Stored data entries:
--------------------

(* Let $t$ be a positive integer and let $p_1(x_1,\ldots,x_t)$, $p_2(x_1,\ldots,x_t)$ be polynomials with integer coefficients. Suppose there exist integers $s_1,s_2\ge 1$, matrices $A_1,M_1,N_1,B_1\in\mathbb{Z}^{s_1\times s_1}_{\rm uptr}$ and $A_2,M_2,N_2,B_2\in\mathbb{Z}^{s_2\times s_2}_{\rm uptr}$ such that \[A_1M_1^{a_1}N_1M_1^{a_2}N_1\cdots N_1M_1^{a_t}B_1=p_1(a_1,\ldots,a_t)E_{s_1}\] and \[A_2M_2^{a_1}N_2M_2^{a_2}N_2\cdots N_2M_2^{a_t}B_2=p_2(a_1,\ldots,a_t)E_{s_2}\] for all $a_1,\ldots,a_t\in\mathbb{N}$ (each product containing $t-1$ factors $N_j$). Then: (i) there exist $s_3\ge 1$ and $A_3,M_3,N_3,B_3\in\mathbb{Z}^{s_3\times s_3}_{\rm uptr}$ such that $A_3M_3^{a_1}N_3M_3^{a_2}N_3\cdots N_3M_3^{a_t}B_3=(p_1+p_2)(a_1,\ldots,a_t)E_{s_3}$ for all $a_1,\ldots,a_t\in\mathbb{N}$; (ii) there exist $s_4\ge 1$ and $A_4,M_4,N_4,B_4\in\mathbb{Z}^{s_4\times s_4}_{\rm uptr}$ such that $A_4M_4^{a_1}N_4M_4^{a_2}N_4\cdots N_4M_4^{a_t}B_4=(p_1p_2)(a_1,\ldots,a_t)E_{s_4}$ for all $a_1,\ldots,a_t\in\mathbb{N}$; (iii) for every $c\in\mathbb{Z}$ there exists $A_5\in\mathbb{Z}^{s_1\times s_1}_{\rm uptr}$ such that $A_5M_1^{a_1}N_1M_1^{a_2}N_1\cdots N_1M_1^{a_t}B_1=c\,p_1(a_1,\ldots,a_t)E_{s_1}$ for all $a_1,\ldots,a_t\in\mathbb{N}$.
   Context: $\mathbb{N}$ is the set of nonnegative integers. $\mathbb{Z}^{s\times s}_{\rm uptr}$ is the set of upper-triangular $s\times s$ integer matrices. $E_s$ denotes the $s\times s$ matrix whose only nonzero entry is the entry in row $1$, column $s$, equal to $1$. *)

From HB Require Import structures.
From mathcomp Require Import all_boot all_order all_algebra.
From mathcomp Require Export mpoly.
Set Implicit Arguments. Unset Strict Implicit. Unset Printing Implicit Defensive.
Import Order.TTheory GRing.Theory Num.Theory.
Local Open Scope ring_scope.

Definition uptr (n : nat) (A : 'M[int]_n) : Prop :=
  forall i j : 'I_n, (j < i)%N -> A i j = 0.

(* E_s for s = n.+1 : the only nonzero entry is 1 in row 1, column s. *)
Definition Emx (n : nat) : 'M[int]_(n.+1) := delta_mx ord0 ord_max.

Fixpoint mword (n : nat) (M N : 'M[int]_(n.+1)) (l : seq nat) : 'M[int]_(n.+1) :=
  match l with
  | [::] => 1%:M
  | [:: a] => M ^+ a
  | a :: l' => M ^+ a *m N *m mword M N l'
  end.

Definition wordprod (t n : nat) (A M N B : 'M[int]_(n.+1)) (a : 'I_t -> nat)
  : 'M[int]_(n.+1) :=
  A *m mword M N [seq a i | i <- enum 'I_t] *m B.

Definition represents (t n : nat) (p : {mpoly int[t]}) (A M N B : 'M[int]_(n.+1)) : Prop :=
  [/\ uptr A, uptr M, uptr N, uptr B &
    forall a : 'I_t -> nat,
      wordprod A M N B a = p.@[fun i => (a i)%:R] *: Emx n].

From HB Require Import structures.
From mathcomp Require Import all_boot all_order all_algebra.
From mathcomp Require Import mpoly.
From mathcomp Require Import mxtens zify.
Set Implicit Arguments. Unset Strict Implicit. Unset Printing Implicit Defensive.
Import GRing.Theory.
Local Open Scope ring_scope.

(* Both the block-diagonal sum (X, Y) |-> diag(X, Y) and the Kronecker product
   (X, Y) |-> X *t Y are unital and multiplicative on pairs of matrices, so they
   turn the two words into the word of the combined matrices, and they preserve
   upper triangularity (the Kronecker product because its indices are ordered
   lexicographically).  The Kronecker product of E_{s1} and E_{s2} is again an
   E_s, which gives the product p1 p2.  The block-diagonal sum gives
   diag(p1 E_{s1}, p2 E_{s2}); multiplying on the left by an upper-triangular
   matrix adding the first row of the second block to the first row, and on the
   right by one adding the last column of the first block to the last column,
   folds it into (p1 + p2) E_s.  Scaling A1 scales p1. *)

Section WordMorphism.

Variables (n1 n2 k : nat).
Variable g : 'M[int]_(n1.+1) -> 'M[int]_(n2.+1) -> 'M[int]_(k.+1).
Hypothesis g1 : g 1%:M 1%:M = 1%:M.
Hypothesis gM : forall X1 Y1 X2 Y2, g (X1 *m Y1) (X2 *m Y2) = g X1 X2 *m g Y1 Y2.

Lemma morph_expmx (M1 : 'M_(n1.+1)) (M2 : 'M_(n2.+1)) a :
  g (M1 ^+ a) (M2 ^+ a) = g M1 M2 ^+ a.
Proof.
elim: a => [|a IH]; first by rewrite !expr0.
by rewrite !exprS -!mulmxE gM IH.
Qed.

Lemma morph_mword M1 N1 M2 N2 l :
  mword (g M1 M2) (g N1 N2) l = g (mword M1 N1 l) (mword M2 N2 l).
Proof.
elim: l => [|a l IH] /=; first by rewrite g1.
by case: l IH => [|b l] IH; rewrite ?morph_expmx // IH !gM morph_expmx.
Qed.

Lemma morph_wordprod t A1 M1 N1 B1 A2 M2 N2 B2 (a : 'I_t -> nat) :
  wordprod (g A1 A2) (g M1 M2) (g N1 N2) (g B1 B2) a =
  g (wordprod A1 M1 N1 B1 a) (wordprod A2 M2 N2 B2 a).
Proof. by rewrite /wordprod morph_mword !gM. Qed.

End WordMorphism.

Lemma wordprod_scalel t n c (A M N B : 'M[int]_(n.+1)) (a : 'I_t -> nat) :
  wordprod (c *: A) M N B a = c *: wordprod A M N B a.
Proof. by rewrite /wordprod -!scalemxAl. Qed.

Section UpperTriangular.

Variable n : nat.
Implicit Types A B : 'M[int]_n.

Lemma uptr_mulmx A B : uptr A -> uptr B -> uptr (A *m B).
Proof.
move=> uA uB i j lt_ji; rewrite mxE big1 // => l _.
have [lt_li | le_il] := ltnP l i; first by rewrite uA ?mul0r.
by rewrite uB ?mulr0 // (leq_trans lt_ji).
Qed.

Lemma uptr_add A B : uptr A -> uptr B -> uptr (A + B).
Proof. by move=> uA uB i j lt_ji; rewrite mxE uA ?uB ?addr0. Qed.

Lemma uptr_scale c A : uptr A -> uptr (c *: A).
Proof. by move=> uA i j lt_ji; rewrite mxE uA ?mulr0. Qed.

Lemma uptr_delta (i0 j0 : 'I_n) : (i0 <= j0)%N -> uptr (delta_mx i0 j0).
Proof.
move=> le_ij i j lt_ji; rewrite mxE.
case: eqP => [ei|] //; case: eqP => [ej|] //.
by move: lt_ji; rewrite ei ej ltnNge le_ij.
Qed.

End UpperTriangular.

Lemma uptr_block_diag m n (A : 'M[int]_m) (B : 'M[int]_n) :
  uptr A -> uptr B -> uptr (block_mx A 0 0 B).
Proof.
move=> uA uB i j; rewrite -(splitK i) -(splitK j).
case: (split i) => i'; case: (split j) => j' /=.
- by rewrite block_mxEul => /uA.
- by rewrite block_mxEur mxE.
- by rewrite block_mxEdl mxE.
- by rewrite block_mxEdr ltn_add2l => /uB.
Qed.

Lemma uptr_tens m n (A : 'M[int]_m.+1) (B : 'M[int]_n.+1) :
  uptr A -> uptr B -> uptr (A *t B).
Proof.
move=> uA uB i j.
case: (mxtens_indexP i) => i1 i2; case: (mxtens_indexP j) => j1 j2.
rewrite tensmxE /= => lt_ji.
have [lt1|le1] := ltnP j1 i1; first by rewrite uA ?mul0r.
have [lt2|le2] := ltnP j2 i2; first by rewrite uB ?mulr0.
by move: lt_ji; rewrite ltnNge leq_add // leq_mul2r le1 orbT.
Qed.

Lemma mul_block_diag (R : pzRingType) m n (X1 X2 : 'M[R]_m) (Y1 Y2 : 'M[R]_n) :
  block_mx X1 0 0 Y1 *m block_mx X2 0 0 Y2 = block_mx (X1 *m X2) 0 0 (Y1 *m Y2).
Proof. by rewrite mulmx_block !mulmx0 !mul0mx !addr0 !add0r. Qed.

Lemma block_diag_delta (R : pzRingType) m m' n n' (c1 c2 : R)
    (i1 : 'I_m) (j1 : 'I_m') (i2 : 'I_n) (j2 : 'I_n') :
  block_mx (c1 *: delta_mx i1 j1) 0 0 (c2 *: delta_mx i2 j2) =
  c1 *: delta_mx (lshift n i1) (lshift n' j1)
  + c2 *: delta_mx (rshift m i2) (rshift m' j2).
Proof.
rewrite delta_mx_ushift delta_mx_lshift delta_mx_dshift delta_mx_rshift.
by rewrite !scale_col_mx !scale_row_mx !scaler0 add_col_mx addr0 add0r.
Qed.

Lemma mulmx_delta_fold (R : comPzRingType) n (i0 i1 j0 j1 : 'I_n) (c1 c2 : R) :
  i0 != i1 -> j0 != j1 ->
  (delta_mx i0 i0 + delta_mx i0 i1)
    *m (c1 *: delta_mx i0 j0 + c2 *: delta_mx i1 j1)
    *m (delta_mx j0 j1 + delta_mx j1 j1) = (c1 + c2) *: delta_mx i0 j1.
Proof.
move=> /negPf ne_i /negPf ne_j.
rewrite mulmxDl !mulmxDr -!scalemxAr !mul_delta_mx_cond (eq_sym i1) ne_i !eqxx.
rewrite !mulr0n !mulr1n !scaler0 addr0 add0r !mulmxDl -!scalemxAl.
rewrite !mul_delta_mx_cond (eq_sym j1) ne_j !eqxx !mulr0n !mulr1n !scaler0.
by rewrite add0r addr0 scalerDl.
Qed.

Lemma Emx_block_diag m n :
  Emx (m + n.+1) = delta_mx (lshift n.+1 (@ord0 m)) (rshift m.+1 (@ord_max n)).
Proof. by congr delta_mx; apply: val_inj => /=; rewrite addnS. Qed.

Lemma mxtens_index_eq m n (i j : 'I_m * 'I_n) :
  (mxtens_index i == mxtens_index j) = (i == j).
Proof. exact: (inj_eq (can_inj (@mxtens_indexK m n))). Qed.

Section Kronecker.

Variable R : comPzRingType.

Lemma tensmx_scale m n p q (a b : R) (A : 'M[R]_(m, n)) (B : 'M[R]_(p, q)) :
  (a *: A) *t (b *: B) = (a * b) *: (A *t B).
Proof. by apply/matrixP => i j; rewrite !mxE mulrACA. Qed.

Lemma tens_delta_mx m n p q (i : 'I_m) (j : 'I_n) (k : 'I_p) (l : 'I_q) :
  delta_mx i j *t delta_mx k l
  = delta_mx (mxtens_index (i, k)) (mxtens_index (j, l)) :> 'M[R]_(_, _).
Proof.
apply/matrixP => x y.
case: (mxtens_indexP x) => i' k'; case: (mxtens_indexP y) => j' l'.
by rewrite tensmxE !mxE !mxtens_index_eq !xpair_eqE -natrM mulnb andbACA.
Qed.

Lemma tensmx1 m n : (1%:M : 'M[R]_m) *t (1%:M : 'M[R]_n) = 1%:M.
Proof.
apply/matrixP => x y.
case: (mxtens_indexP x) => i k; case: (mxtens_indexP y) => j l.
by rewrite tensmxE !mxE mxtens_index_eq xpair_eqE -natrM mulnb.
Qed.

End Kronecker.

Lemma Emx_tens m n : Emx m *t Emx n = Emx (n + m * n.+1).
Proof.
rewrite /Emx tens_delta_mx; congr delta_mx; apply: val_inj => /=; lia.
Qed.

Section Closure.

Variables (t s1 s2 : nat) (p1 p2 : {mpoly int[t]}).
Variables (A1 M1 N1 B1 : 'M[int]_(s1.+1)) (A2 M2 N2 B2 : 'M[int]_(s2.+1)).
Hypothesis rep1 : represents p1 A1 M1 N1 B1.
Hypothesis rep2 : represents p2 A2 M2 N2 B2.

Lemma represents_scale c : represents (c *: p1) (c *: A1) M1 N1 B1.
Proof.
case: rep1 => uA uM uN uB word; split => //; first exact: uptr_scale.
by move=> a; rewrite wordprod_scalel word mevalZ scalerA.
Qed.

Lemma represents_add :
  exists s3 (A3 M3 N3 B3 : 'M[int]_(s3.+1)), represents (p1 + p2) A3 M3 N3 B3.
Proof.
case: rep1 rep2 => uA1 uM1 uN1 uB1 word1 [uA2 uM2 uN2 uB2 word2].
pose D (X : 'M_(s1.+1)) (Y : 'M_(s2.+1)) : 'M[int]_(s1.+1 + s2.+1) :=
  block_mx X 0 0 Y.
pose i0 := lshift s2.+1 (@ord0 s1); pose i1 := rshift s1.+1 (@ord0 s2).
pose j0 := lshift s2.+1 (@ord_max s1); pose j1 := rshift s1.+1 (@ord_max s2).
pose P := delta_mx i0 i0 + delta_mx i0 i1 : 'M[int]_(s1.+1 + s2.+1).
pose Q := delta_mx j0 j1 + delta_mx j1 j1 : 'M[int]_(s1.+1 + s2.+1).
have D1 : D 1%:M 1%:M = 1%:M by rewrite /D -scalar_mx_block.
have DM X1 Y1 X2 Y2 : D (X1 *m Y1) (X2 *m Y2) = D X1 X2 *m D Y1 Y2.
  by rewrite /D mul_block_diag.
exists (s1 + s2.+1), (P *m D A1 A2), (D M1 M2), (D N1 N2), (D B1 B2 *m Q).
split; try exact: (@uptr_block_diag s1.+1 s2.+1).
- apply: (@uptr_mulmx (s1.+1 + s2.+1)); last exact: uptr_block_diag.
  by apply: uptr_add; apply: uptr_delta.
- apply: (@uptr_mulmx (s1.+1 + s2.+1)); first exact: uptr_block_diag.
  by apply: uptr_add; apply: uptr_delta => /=; lia.
move=> a; have -> : wordprod (P *m D A1 A2) (D M1 M2) (D N1 N2) (D B1 B2 *m Q) a
    = P *m wordprod (D A1 A2) (D M1 M2) (D N1 N2) (D B1 B2) a *m Q.
  by rewrite /wordprod !mulmxA.
(* The size is explicit: s1.+1 + s2.+1 is only convertible to (s1 + s2.+1).+1. *)
rewrite (@morph_wordprod _ _ (s1 + s2.+1) D D1 DM) word1 word2 mevalD.
rewrite Emx_block_diag.
rewrite /D /Emx block_diag_delta mulmx_delta_fold // -val_eqE /=.
lia.
Qed.

Lemma represents_mul :
  exists s4 (A4 M4 N4 B4 : 'M[int]_(s4.+1)), represents (p1 * p2) A4 M4 N4 B4.
Proof.
case: rep1 rep2 => uA1 uM1 uN1 uB1 word1 [uA2 uM2 uN2 uB2 word2].
pose T (X : 'M_(s1.+1)) (Y : 'M_(s2.+1)) : 'M[int]_(s1.+1 * s2.+1) :=
  X *t Y.
have T1 : T 1%:M 1%:M = 1%:M by exact: tensmx1.
have TM X1 Y1 X2 Y2 : T (X1 *m Y1) (X2 *m Y2) = T X1 X2 *m T Y1 Y2.
  by rewrite /T tensmx_mul.
exists (s2 + s1 * s2.+1), (T A1 A2), (T M1 M2), (T N1 N2), (T B1 B2).
split; try exact: (@uptr_tens s1 s2).
move=> a; rewrite (@morph_wordprod _ _ (s2 + s1 * s2.+1) T T1 TM) word1 word2.
by rewrite /T tensmx_scale Emx_tens mevalM.
Qed.

End Closure.

Theorem lemma4p2 (t : nat) (ht : (0 < t)%N) (p1 p2 : {mpoly int[t]})
  (s1 s2 : nat)
  (A1 M1 N1 B1 : 'M[int]_(s1.+1)) (A2 M2 N2 B2 : 'M[int]_(s2.+1)) :
  represents p1 A1 M1 N1 B1 ->
  represents p2 A2 M2 N2 B2 ->
  [/\ (exists s3 (A3 M3 N3 B3 : 'M[int]_(s3.+1)), represents (p1 + p2) A3 M3 N3 B3),
      (exists s4 (A4 M4 N4 B4 : 'M[int]_(s4.+1)), represents (p1 * p2) A4 M4 N4 B4) &
      (forall c : int, exists A5 : 'M[int]_(s1.+1),
          represents (c *: p1) A5 M1 N1 B1)].
Proof.
move=> rep1 rep2; split.
- exact: represents_add rep1 rep2.
- exact: represents_mul rep1 rep2.
- by move=> c; exists (c *: A1); apply: represents_scale.
Qed.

--------------------

The response must hold only the lines above from the line with "Definition wordprod (t" through the line with "E_s, which gives", each copied exactly, both ends kept.

Response box:
Definition wordprod (t n : nat) (A M N B : 'M[int]_(n.+1)) (a : 'I_t -> nat)
  : 'M[int]_(n.+1) :=
  A *m mword M N [seq a i | i <- enum 'I_t] *m B.

Definition represents (t n : nat) (p : {mpoly int[t]}) (A M N B : 'M[int]_(n.+1)) : Prop :=
  [/\ uptr A, uptr M, uptr N, uptr B &
    forall a : 'I_t -> nat,
      wordprod A M N B a = p.@[fun i => (a i)%:R] *: Emx n].

From HB Require Import structures.
From mathcomp Require Import all_boot all_order all_algebra.
From mathcomp Require Import mpoly.
From mathcomp Require Import mxtens zify.
Set Implicit Arguments. Unset Strict Implicit. Unset Printing Implicit Defensive.
Import GRing.Theory.
Local Open Scope ring_scope.

(* Both the block-diagonal sum (X, Y) |-> diag(X, Y) and the Kronecker product
   (X, Y) |-> X *t Y are unital and multiplicative on pairs of matrices, so they
   turn the two words into the word of the combined matrices, and they preserve
   upper triangularity (the Kronecker product because its indices are ordered
   lexicographically).  The Kronecker product of E_{s1} and E_{s2} is again an
   E_s, which gives the product p1 p2.  The block-diagonal sum gives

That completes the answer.